Sebuah pengadilan federal telah membatalkan upaya pemerintahan Trump untuk memasukkan Anthropic ke dalam daftar hitam dari kontrak pemerintah, memutuskan bahwa penetapan perusahaan AI ini sebagai "risiko rantai pasok" terhadap keamanan nasional adalah tidak sah dan bersifat balas dendam.
Hakim Rita F. Lin dari Pengadilan Distrik AS di California Utara memberikan putusan ringkas sebagian mendukung Anthropic pada 27 Agustus, menyebut penetapan tersebut "sembarangan dan sewenang-wenang" serta melanggar hak Amendemen Pertama perusahaan. Pendapat selama 59 halaman ini secara efektif mengembalikan kemampuan Anthropic untuk bersaing dalam kontrak federal senilai miliaran dolar.
Bagaimana sengketa etika AI menjadi pertarungan keamanan nasional
Konflik ini berawal dari negosiasi atas kontrak senilai sekitar $200 juta untuk model AI Anthropic.
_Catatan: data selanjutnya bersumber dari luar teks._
Lemma is_XEL_contr2E D L Y k b x : is_XEL D L Y -> D x ->
  contr2 Y (d1 (lamL L k)) x 0 b = pd b (energy L) x
    - \sum_(l < m) act (Reeb L l) (energy L) x * lamL L l x 0 b.
Proof.
move=> XY Dx; rewrite (XY x Dx).2 !mxE summxE; congr (_ - _).
by apply: eq_bigr => l _; rewrite mxE.
Qed.

Section SmoothLagrangian.
Variables (D : set P) (L : P -> R).
Hypothesis sL : smooth_on D L.

Lemma sum_pd_lamL Y k c x : D x ->
  \sum_(a < N) Y x 0 a * pd c (fun y => lamL L k y 0 a) x =
  - \sum_(j < n) Y x 0 (iq j) * pd c (pd (iv j) L) x.
Proof.
move=> Dx; rewrite sum_coord [X in _ + X]big1 => [|l _]; last first.
  by rewrite pd_lamL_z mulr0.
rewrite [X in _ + X + _]big1 => [|j _]; last by rewrite pd_lamL_v mulr0.
rewrite !addr0 -sumrN; apply: eq_bigr => j _.
by rewrite pd_lamL_q ?mulrN //; apply: smooth_on_derivable_pd sL Dx.
Qed.

Lemma contr2_lamL_v Y k i x : D x ->
  contr2 Y (d1 (lamL L k)) x 0 (iv i) =
  \sum_(j < n) Y x 0 (iq j) * pd (iv i) (pd (iv j) L) x.
Proof.
move=> Dx; rewrite contr2_d1E sum_pd_lamL // opprK.
have -> : act Y (fun y => lamL L k y 0 (iv i)) x = 0.
  by apply: big1 => a _; rewrite pd_lamL_v mulr0.
by rewrite add0r.
Qed.

Lemma contr2_lamL_q Y k i x : D x ->
  contr2 Y (d1 (lamL L k)) x 0 (iq i) =
  - act Y (pd (iv i) L) x + \sum_(j < n) Y x 0 (iq j) * pd (iq i) (pd (iv j) L) x.
Proof.
move=> Dx; rewrite contr2_d1E sum_pd_lamL // opprK -sumrN; congr (_ + _).
apply: eq_bigr => a _; rewrite pd_lamL_q ?mulrN //.
exact: smooth_on_derivable_pd sL Dx.
Qed.

Lemma pd_energy a x : D x ->
  pd a (energy L) x = \sum_(j < n) ((a == iv j)%:R * pd (iv j) L x
     + x 0 (iv j) * pd a (pd (iv j) L) x) - pd a L x.
Proof.
move=> Dx; have dLv j v : derivable (pd (iv j) L) x v := smooth_on_derivable_pd sL Dx.
rewrite /pd deriveB; last 2 first.
- by apply: derivable_sum_mul => j; [apply: derivable_mx_coord | apply: dLv].
- exact: smooth_on_derivable sL Dx.
rewrite derive_sum_mul // => [|j]; last exact: derivable_mx_coord.
by congr (_ - _); apply: eq_bigr => j _; rewrite -(pd_coord _ _ x).
Qed.

Lemma pd_energy_v i x : D x ->
  pd (iv i) (energy L) x = \sum_(j < n) x 0 (iv j) * pd (iv i) (pd (iv j) L) x.
Proof.
move=> Dx; rewrite pd_energy // big_split /= (bigD1 i) //= eqxx mul1r.
rewrite big1 => [|j /negbTE ji]; last by rewrite (inj_eq iv_inj) eq_sym ji mul0r.
by rewrite addr0 addrAC subrr add0r.
Qed.

Lemma pd_energy_q i x : D x ->
  pd (iq i) (energy L) x =
  \sum_(j < n) x 0 (iv j) * pd (iq i) (pd (iv j) L) x - pd (iq i) L x.
Proof.
by move=> Dx; rewrite pd_energy //; under eq_bigr do rewrite eq_iqiv mul0r add0r.
Qed.

Section EulerLagrangeField.
Variable Y : P -> P.
Hypotheses (m_gt0 : (0 < m)%N) (rL : regular_on D L) (XY : is_XEL D L Y).

Lemma is_XEL_sode i x : D x -> Y x 0 (iq i) = x 0 (iv i).
Proof.
move=> Dx; pose w : 'cV[R]_n := \col_j (Y x 0 (iq j) - x 0 (iv j)).
suff Ww : Wmx L x *m w = 0.
  have w0 : w = 0 by rewrite -(mulKmx (rL Dx) w) Ww mulmx0.
  by move/matrixP/(_ i 0): w0; rewrite !mxE => /eqP; rewrite subr_eq0 => /eqP.
apply/matrixP => i' j'; have := is_XEL_contr2E (Ordinal m_gt0) (iv i') XY Dx.
rewrite contr2_lamL_v // pd_energy_v // [X in _ - X]big1 => [|l _]; last first.
  by rewrite lamL_v mulr0.
rewrite subr0 !mxE => Ev.
rewrite (eq_bigr (fun j => Y x 0 (iq j) * pd (iv i') (pd (iv j) L) x
                         - x 0 (iv j) * pd (iv i') (pd (iv j) L) x)) => [|j _].
  by rewrite sumrB Ev subrr.
by rewrite !mxE mulrBr ![pd _ _ _ * _]mulrC.
Qed.

Lemma is_XEL_herglotz i x : D x ->
  act Y (pd (iv i) L) x =
  pd (iq i) L x - (\sum_(l < m) act (Reeb L l) (energy L) x) * pd (iv i) L x.
Proof.
move=> Dx; have := is_XEL_contr2E (Ordinal m_gt0) (iq i) XY Dx.
rewrite contr2_lamL_q // pd_energy_q //.
under eq_bigr do rewrite is_XEL_sode //.
under [X in _ = _ - X]eq_bigr do rewrite lamL_q mulrN.
by rewrite sumrN -big_distrl /=; lra.
Qed.

Lemma act_XEL_vlift Z x : vf_smooth_on D Z -> D x ->
  act Y (act (vlift Z) L) x =
  \sum_(i < n) act Y (fun y => Z y 0 (iq i)) x * pd (iv i) L x
  + \sum_(i < n) Z x 0 (iq i) * pd (iq i) L x
  - (\sum_(l < m) act (Reeb L l) (energy L) x) * act (vlift Z) L x.
Proof.
move=> sZ Dx.
have -> : act (vlift Z) L = fun y => \sum_(i < n) Z y 0 (iq i) * pd (iv i) L y.
  by apply/funext => y; rewrite act_vlift.
rewrite act_sum_mul => [|i v|i v]; last 2 first.
- exact: smooth_on_derivable (sZ _) Dx.
- exact: smooth_on_derivable_pd sL Dx.
under eq_bigr do rewrite is_XEL_herglotz // mulrBr mulrCA.
by rewrite big_split sumrB -big_distrr /= addrA.
Qed.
Selama pembicaraan tersebut, Anthropic bersikeras memasukkan pedoman penggunaan etis yang akan membatasi aplikasi militer tertentu terhadap teknologinya. Presiden Trump dan Menteri Pertahanan Pete Hegseth secara terbuka menuduh perusahaan tersebut membahayakan keamanan nasional karena menolak membiarkan militer menggunakan AI-nya tanpa pengaman. Pada 27 Februari 2026, pemerintah mengeluarkan penetapan risiko rantai pasokan formal terhadap Anthropic.
Penetapan tersebut adalah senjata serius dalam arsenal regulasi pemerintah. Ini adalah jenis label yang biasanya disimpan untuk mitra asing seperti Huawei atau Kaspersky, perusahaan yang diduga membangun pintu belakang untuk pemerintah yang bermusuhan. Efek praktisnya langsung dan parah. Badan-badan federal di seluruh sektor, termasuk Departemen Pertahanan, Keuangan, dan Keamanan Dalam Negeri, dilarang melakukan bisnis dengan Anthropic. Perusahaan tersebut menyatakan bahwa daftar hitam ini mengancam miliaran dolar pendapatan potensial dan menimbulkan kerusakan reputasi yang serius.
Anthropic mengajukan gugatan pada 9 Maret 2026, dan mendapatkan injungsi sementara hanya 17 hari kemudian pada 26 Maret, menunjukkan bahwa pengadilan melihat masalah dengan kasus pemerintah sejak awal.
Alasan pengadilan
Hakim Lin menemukan bahwa penunjukan tersebut tidak memiliki dasar fakta yang sah. Pemerintah tidak dapat menunjukkan bukti bahwa teknologi Anthropic menimbulkan risiko sabotase atau bahwa rantai pasokannya dikompromikan. Sebaliknya, catatan menunjukkan bahwa penunjukan tersebut merupakan hukuman atas penolakan Anthropic untuk melepaskan pedoman etisnya selama negosiasi kontrak.
Pengadilan menyimpulkan bahwa pemerintah telah membalas dendam terhadap Anthropic karena menjalankan haknya untuk menetapkan jangka waktu penggunaan produknya, dan bahwa menghukum ucapan tersebut dengan daftar hitam keamanan nasional melanggar batas konstitusional.
Meskipun keputusan tersebut menghalangi beberapa agensi federal untuk menegakkan daftar hitam, hal itu tidak memaksa Pentagon untuk benar-benar membeli produk Anthropic. Militer tetap memiliki kebebasan penuh atas keputusan pengadaannya.
Apa artinya ini bagi AI dan kontrak pemerintah
Ini adalah uji coba pengadilan utama pertama apakah pemerintah dapat memanfaatkan penetapan keamanan rantai pasokan untuk menyerang perusahaan domestik karena perbedaan kebijakan, bukan karena kekhawatiran keamanan yang nyata. Jawabannya, setidaknya dari pengadilan ini, adalah tidak jelas.
Perusahaan AI yang ingin memberlakukan batasan penggunaan pada model mereka sekarang memiliki dasar hukum: pemerintah dapat memilih untuk tidak membeli produk Anda, tetapi tidak dapat memblokir Anda karena memiliki syarat yang tidak disukainya.